The training session at Bank Hall started with a short USASOC video that included interviews with senior leaders like Faris, who told of his struggles in acknowledging that he had PTSD and how he received professional help to successfully continue his Army career.

Following the video, MAJ Joshua Stiltner, a psychological operations officer, took the stage to tell the audience his experiences with PTSD.

“It was like an untreated gunshot wound. I would be walking around, but it didn’t show,” he said. “I had a double standard, one for myself and one for everyone else. I can get them to seek help, but not me.”

“There was no one turning point,” Stiltner said. “But I was shocked when my wife said she was going to treatment. She thought she was at fault. My children didn’t want me around, because of my temper, so my PTSD was like a secondary exposure to my family.”

“Don’t set up your children for failure,” Stiltner urged his audience. “Two years ago, I was ready to get out.” 
Stiltner already had 16 years of Army service. After taking a hard look at himself, his family and their future, he decided he needed help.
“At first, I thought it was all BS,” he said. “I can fix this.  I can do it on my own. Prescription drugs? No, not for me. But as someone told me, ‘You can’t work on an engine while it’s still running.’”

Stiltner, now the headquarters and headquarters company commander for the John F. Kennedy Special Warfare Center and School said that he was there to dispel the myth that seeking help for mental health issues would be a stigma that ruins a person’s Army career.

“That’s not true,” Stiltner said, referring to the security clearance level required for his work in Military Information Support Operations. "My security clearance was just renewed."

“I see many Soldiers who tell me told me they don’t seek behavioral health care because they think they can handle it on their own,” said Matz. “The belief is that ‘I won’t get my security clearance if I go to behavioral health,’ but if you went back and looked at the situation, usually there was something else going on, significant financial issues or some sort of misconduct that was documented that could have been the result of having a behavioral health issue and not treating it.
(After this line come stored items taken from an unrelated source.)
(* Consider the flat-pricing market described in the context, and assume the network cost coefficient satisfies $\eta<\big(\kappa_{\mathrm{avg}}\,\Phi_{\max}^{1-\theta}\big)^{-1}$. Then: (i) $R(p)$ is unimodal on $[0,p_{\max})$ (i.e., there is $v$ such that $R$ is monotonically increasing for $p\le v$ and monotonically decreasing for $p\ge v$), and the feasible price set $\mathcal P$ is non-empty and connected. (ii) If $R'(p_0)<0$, then the network is opt-saturated and the unique equilibrium price is $p^\star=p_0$, where $$p_0=\Phi_{\max}^{\theta}\left(1-\frac{C_{3g}}{\kappa_{\mathrm{peak}}\,\hat N\,\mathbb E[\Phi]}\right)^{\frac{\theta}{2-\sigma}},\qquad \mathbb E[\Phi]=\tfrac{1-\sigma}{2-\sigma}\Phi_{\max}.$$ (iii) If $R'(p_0)>0$, then the network is opt-unsaturated and the unique equilibrium price $p^\star=p^\star(\kappa_{\mathrm{avg}})$ is the unique solution of $R'(p)=0$ in $(0,p_{\max})$; moreover, viewing $\kappa_{\mathrm{avg}}$ as a variable, $\frac{\partial p^\star(\kappa_{\mathrm{avg}})}{\partial \kappa_{\mathrm{avg}}}>0$.
   Context: Market model (single cell). There are $\hat N$ users (treated as a continuum of mass $\hat N$) in one base-station cell with capacity $C_{3g}>0$ (traffic volume per time slot), and time slots $t\in T=\{1,\dots,|T|\}$. Each user's daily traffic demand $\Phi$ is random with density $f_\Phi(x)=x^{-\sigma}/Z$ for $0\le x\le\Phi_{\max}$, where $0<\sigma<1$ and $Z=\Phi_{\max}^{1-\sigma}/(1-\sigma)$. All users share a temporal preference $w(t)\ge 0$ with $\sum_{t\in T}w(t)=1$; a user with demand $\Phi$ has per-slot demand $\phi(t)=w(t)\Phi$. The willingness to pay is $\gamma(t)=w(t)^{1-\theta}$ with price sensitivity $\theta\in(0,1)$; a user sending volumes $x(t)\le\phi(t)$ and paying $m$ gets net-utility $\sum_{t}\gamma(t)x(t)^\theta-m$. Offloading indicators: constants $\kappa_{\mathrm{avg}},\kappa_{\mathrm{peak}}\in(0,1]$ (independent of price) such that, if $X_{\rm tot}=\sum_t X(t)$ is the total (cellular+WiFi) traffic sent in the cell in a day, then the total daily cellular (3G) traffic is $\kappa_{\mathrm{avg}}X_{\rm tot}$ and the peak per-slot cellular traffic is $\kappa_{\mathrm{peak}}X_{\rm tot}$. Flat pricing with fee $p\ge0$: a user subscribes iff its net-utility $\Phi^\theta-p$ is positive, i.e. iff $\Phi>p^{1/\theta}$, and a subscriber sends its whole demand, $x(t)=\phi(t)$. Let $p_{\max}=\Phi_{\max}^\theta$ (no subscribers for $p\ge p_{\max}$). The provider's revenue (income minus linear cellular cost with coefficient $\eta>0$ per unit of cellular traffic) is, for $0\le p<p_{\max}$, $$R(p)=\hat N\int_{p^{1/\theta}}^{\Phi_{\max}}\big(p-\eta\kappa_{\mathrm{avg}}\Phi\big)f_\Phi(\Phi)\,d\Phi,$$ and $R(p)=0$ for $p\ge p_{\max}$. The peak cellular traffic is $A(p)=\kappa_{\mathrm{peak}}\hat N\int_{p^{1/\theta}}^{\Phi_{\max}}\Phi f_\Phi(\Phi)\,d\Phi$. Feasible price set: $\mathcal P=\{p: R(p)>0,\ A(p)\le C_{3g}\}$; threshold price $p_0=\inf\mathcal P$. An equilibrium price is any $p^\star\in\arg\max_{p\in\mathcal P}R(p)$. The network is saturated at $p$ if $A(p)=C_{3g}$; for a unique equilibrium price $p^\star$, the network is called opt-saturated if it is saturated at $p^\star$ and opt-unsaturated otherwise. *)

From Stdlib Require Import Reals.
Open Scope R_scope.
(* Let $L:(0,\infty)\to(0,\infty)$ be slowly varying, and suppose there is $K>1$ such that $L$ is non-increasing and strictly less than $1$ on $[K,\infty)$. Then the condition $$-\int_K^\infty\frac{\log L(r)}{r(\log r)^2}\,dr<\infty$$ is equivalent to the following condition: for every $\delta>0$ there exists $K_1=K_1(\delta)>K$ such that for all $r>K_1$, $$\sum_{k=1}^\infty\frac{\log L(r^{2^k})}{2^k\log r}>-\delta,$$ and therefore $\prod_{k=1}^\infty [L(r^{2^k})]^{2^{-k}}>r^{-\delta}$.
   Context: A function $L$ is slowly varying if $L(cr)/L(r)\to1$ as $r\to\infty$ for every $c>0$. *)

From HB Require Import structures.
From mathcomp Require Import all_boot all_order all_algebra.
From mathcomp Require Import all_classical all_reals all_analysis.
Set Implicit Arguments. Unset Strict Implicit. Unset Printing Implicit Defensive.
Import Order.TTheory GRing.Theory Num.Theory.
Import numFieldNormedType.Exports.
Local Open Scope classical_set_scope.
Local Open Scope ring_scope.

Definition slowly_varying (R : realType) (L : R -> R) : Prop :=
  forall c : R, 0 < c -> (fun r => L (c * r) / L r) @ +oo --> (1 : R).

From HB Require Import structures.
From mathcomp Require Import all_boot all_order all_algebra.
From mathcomp Require Import all_classical all_reals all_analysis.
From mathcomp Require Import ring lra measurable_realfun.
Import Order.TTheory GRing.Theory Num.Theory.
Import numFieldNormedType.Exports.
Local Open Scope classical_set_scope.
Local Open Scope ring_scope.

Set Implicit Arguments. Unset Strict Implicit. Unset Printing Implicit Defensive.

(* Put a(t) := -ln L(t), which is nonnegative and nondecreasing on [K, +oo), and
   cut [r^2, +oo) into the blocks [r^(2^k), r^(2^(k+1))).  The integral of
   1/(t ln^2 t) over the k-th block is 1/(2^(k+1) ln r), so by monotonicity of a
   the integral of a(t)/(t ln^2 t) over it lies between half the k-th term
   a(r^(2^k))/(2^k ln r) of the negated series and its (k+1)-th term.  Hence a
   finite integral, having small tails, makes the series small for all large r,
   while a series bounded at a single r bounds the integral.  The product is the
   exponential of ln r times the series. *)

Section DyadicPowers.
Context {R : realType}.
Implicit Types (r y : R) (k m n : nat).

Lemma ln_exp2n r k : 0 < r -> ln (r ^+ (2 ^ k)%N) = 2 ^+ k * ln r.
Proof. by move=> r0; rewrite lnXn// -[in LHS]mulr_natr natrX mulrC. Qed.

Lemma ler_exp2n r m n : 1 < r -> (m <= n)%N -> r ^+ (2 ^ m)%N <= r ^+ (2 ^ n)%N.
Proof. by move=> r1 mn; rewrite ler_eXn2l// leq_pexp2l. Qed.
(* Let $H$ be a hero and let $c$ be the maximum dichromatic number of a tournament containing no induced subdigraph isomorphic to $H$. Then every oriented graph $D$ in which both $x^+$ and $x^-$ induce tournaments for every vertex $x$, and which contains no induced subdigraph isomorphic to $H$, has dichromatic number at most $2c$.
   Context: Digraphs are finite, no loops, no parallel arcs; an oriented graph has no digon. $x^+$, $x^-$ are out- and in-neighbourhoods. The dichromatic number of a digraph is the least number of colours in a vertex colouring in which every colour class induces a subdigraph with no directed cycle. A hero is a tournament $H$ such that the tournaments containing no induced copy of $H$ have bounded dichromatic number (so $c$ is finite). *)

From Stdlib Require Import ClassicalEpsilon.
From mathcomp Require Import all_boot.
Set Implicit Arguments. Unset Strict Implicit. Unset Printing Implicit Defensive.

Section Digraphs.
Variables (V : finType) (E : rel V).

(* finite digraph: no loops (parallel arcs impossible with a relation) *)
Definition digraph := forall x, ~~ E x x.

Definition oriented := digraph /\ forall x y, E x y -> ~~ E y x.

Definition tournament_on (A : {set V}) :=
  [/\ forall x, x \in A -> ~~ E x x,
      forall x y, x \in A -> y \in A -> E x y -> ~~ E y x &
      forall x y, x \in A -> y \in A -> x != y -> E x y || E y x].
(** * Second-order expansion of [((1+z)/(1-z))^beta] *)

Lemma Rabs_add_le x y a b : Rabs x <= a -> Rabs y <= b -> Rabs (x + y) <= a + b.
Proof. intros. eapply Rle_trans. apply Rabs_triang. lra. Qed.
Lemma Rabs_sub_le x y a b : Rabs x <= a -> Rabs y <= b -> Rabs (x - y) <= a + b.
Proof. intros. eapply Rle_trans. apply Rabs_triang. rewrite Rabs_Ropp. lra. Qed.
Lemma Rabs_mul_le x y a b : Rabs x <= a -> Rabs y <= b -> Rabs (x * y) <= a * b.
Proof.
  intros. rewrite Rabs_mult. pose proof (Rabs_pos x); pose proof (Rabs_pos y).
  apply Rmult_le_compat; auto.
Qed.

Ltac bound_abs := first
  [ eassumption
  | eapply Rabs_add_le; [bound_abs|bound_abs]
  | eapply Rabs_sub_le; [bound_abs|bound_abs]
  | eapply Rabs_mul_le; [bound_abs|bound_abs]
  | rewrite Rabs_Ropp; bound_abs
  | apply Rle_refl ].

Lemma Cmod_le_abs_sum (z : C) : Cmod z <= Rabs (fst z) + Rabs (snd z).
Proof.
  unfold Cmod. pose proof (Rabs_pos (fst z)); pose proof (Rabs_pos (snd z)).
  rewrite <- (sqrt_Rsqr (Rabs (fst z) + Rabs (snd z))) by lra.
  apply sqrt_le_1_alt. unfold Rsqr.
  rewrite <- (pow2_abs (fst z)), <- (pow2_abs (snd z)). nra.
Qed.
Lemma Rabs_fst_le_Cmod (z : C) : Rabs (fst z) <= Cmod z.
Proof. pose proof (Rmax_Cmod z). pose proof (Rmax_l (Rabs (fst z)) (Rabs (snd z))). lra. Qed.
Lemma Rabs_snd_le_Cmod (z : C) : Rabs (snd z) <= Cmod z.
Proof. pose proof (Rmax_Cmod z). pose proof (Rmax_r (Rabs (fst z)) (Rabs (snd z))). lra. Qed.
Lemma Cmod_pow2 (z : C) : Cmod z ^ 2 = fst z ^ 2 + snd z ^ 2.
Proof. unfold Cmod. rewrite pow2_sqrt; auto. nra. Qed.

Lemma ln_sqrt x : 0 < x -> ln (sqrt x) = ln x / 2.
Proof.
  intros H. assert (Hs : 0 < sqrt x) by (apply sqrt_lt_R0; auto).
  rewrite <- (sqrt_sqrt x) at 2 by lra. rewrite ln_mult by auto. field.
Qed.

Lemma exp_cos_rem2 a b s : Rabs a <= s -> Rabs b <= s -> s <= 1/2 ->
  Rabs (exp a * cos b - (1 + a + (a^2 - b^2)/2)) <= 5 * s^3.
Proof.
  intros Ha Hb Hs.
  assert (H0 : 0 <= s) by (pose proof (Rabs_pos a); lra).
  pose proof (exp_rem2 a ltac:(lra)) as E3.
  pose proof (cos_rem3 b) as C4.
  assert (Hcb : Rabs (cos b) <= 1) by (apply Rabs_le; pose proof (COS_bound b); lra).
  replace (exp a * cos b - (1 + a + (a^2 - b^2)/2)) with
    ((exp a - 1 - a - a^2/2) * cos b + (1 + a + a^2/2) * (cos b - 1 + b^2/2)
      - (a + a^2/2) * (b^2/2)) by field.
  assert (Ha3 : Rabs a ^ 3 <= s^3) by (apply pow_incr; split; [apply Rabs_pos|auto]).
  assert (Hb4 : Rabs b ^ 4 <= s^4) by (apply pow_incr; split; [apply Rabs_pos|auto]).
  assert (Hq : Rabs (1 + a + a^2/2) <= 2).
  { apply Rabs_le. apply Rabs_le_between in Ha. nra. }
  assert (Hr : Rabs ((a + a^2/2) * (b^2/2)) <= s^3).
  { rewrite Rabs_mult. assert (Rabs (a + a^2/2) <= 2 * s).
    { apply Rabs_le. apply Rabs_le_between in Ha. nra. }
    assert (Rabs (b^2/2) <= s^2/2).
    { rewrite Rabs_pos_eq by nra. rewrite <- (pow2_abs b).
      pose proof (Rabs_pos b). nra. }
    pose proof (Rabs_pos (a + a^2/2)). pose proof (Rabs_pos (b^2/2)). nra. }
  eapply Rle_trans. bound_abs.
  assert (s^4 <= s^3/2) by (replace (s^4) with (s*s^3) by ring; assert (0 <= s^3) by (apply pow_le; lra); nra).
  lra.
Qed.

Lemma exp_sin_rem2 a b s : Rabs a <= s -> Rabs b <= s -> s <= 1/2 ->
  Rabs (exp a * sin b - (b + a * b)) <= 6 * s^3.
Proof.
  intros Ha Hb Hs.
  assert (H0 : 0 <= s) by (pose proof (Rabs_pos a); lra).
  pose proof (exp_rem1 a ltac:(lra)) as E2.
  pose proof (sin_rem2 b) as S3.
  assert (He : Rabs (exp a) <= 3).
  { rewrite Rabs_pos_eq by (left; apply exp_pos).
    pose proof (exp_rem0 a ltac:(lra)) as H1. apply Rabs_le_between in H1.
    simpl in H1. lra. }
  replace (exp a * sin b - (b + a * b)) with
    ((exp a - 1 - a) * b + exp a * (sin b - b)) by ring.
  assert (Ha2 : Rabs a ^ 2 <= s^2) by (apply pow_incr; split; [apply Rabs_pos|auto]).
  assert (Hb3 : Rabs b ^ 3 <= s^3) by (apply pow_incr; split; [apply Rabs_pos|auto]).
  eapply Rle_trans. bound_abs.
  pose proof (Rabs_pos b). nra.
Qed.

Lemma Cexp_rem2 (u : C) s : Rabs (fst u) <= s -> Rabs (snd u) <= s -> s <= 1/2 ->
  Cmod (Defs.Cexp u - (1 + u + RtoC (1/2) * u ^ 2))%C <= 11 * s^3.
Proof.
  destruct u as [a b]; simpl fst; simpl snd; intros Ha Hb Hs.
  replace (Defs.Cexp (a, b) - (1 + (a, b) + RtoC (1/2) * (a, b) ^ 2))%C with
    ((exp a * cos b - (1 + a + (a^2 - b^2)/2))%R, (exp a * sin b - (b + a * b))%R)
    by (apply injective_projections; simpl; field).
  eapply Rle_trans. apply Cmod_le_abs_sum. cbn [fst snd].
  pose proof (exp_cos_rem2 a b s Ha Hb Hs). pose proof (exp_sin_rem2 a b s Ha Hb Hs). lra.
Qed.

(* Goals stated with the [Cplx] operations of [Defs] must be retyped at Coquelicot's [C]
   before [ring] and [field] apply. *)
Ltac change_eq_C := match goal with |- @eq _ ?a ?b => change (@eq C a b) end.

Definition cayley (z : C) : C := Defs.Cdiv (Cadd C1 z) (Csub C1 z).

Definition strong_fun_taylor2 (beta : R) (z : C) : C :=
  (1 + RtoC (2 * beta) * z + RtoC (2 * beta ^ 2) * z ^ 2)%C.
“That’s what we’re trying to get across, is that preventative care can help you from getting to that point," he said. "We focus a lot, a lot, a lot  on suicide prevention and domestic violence intervention. But you look at what is happening before, you can see smaller symptoms developing to situations you don’t want.  So this is what we want to get to, while it’s building, and try to sort through what is going on.  And find resolution to it so it doesn’t end up blowing up.”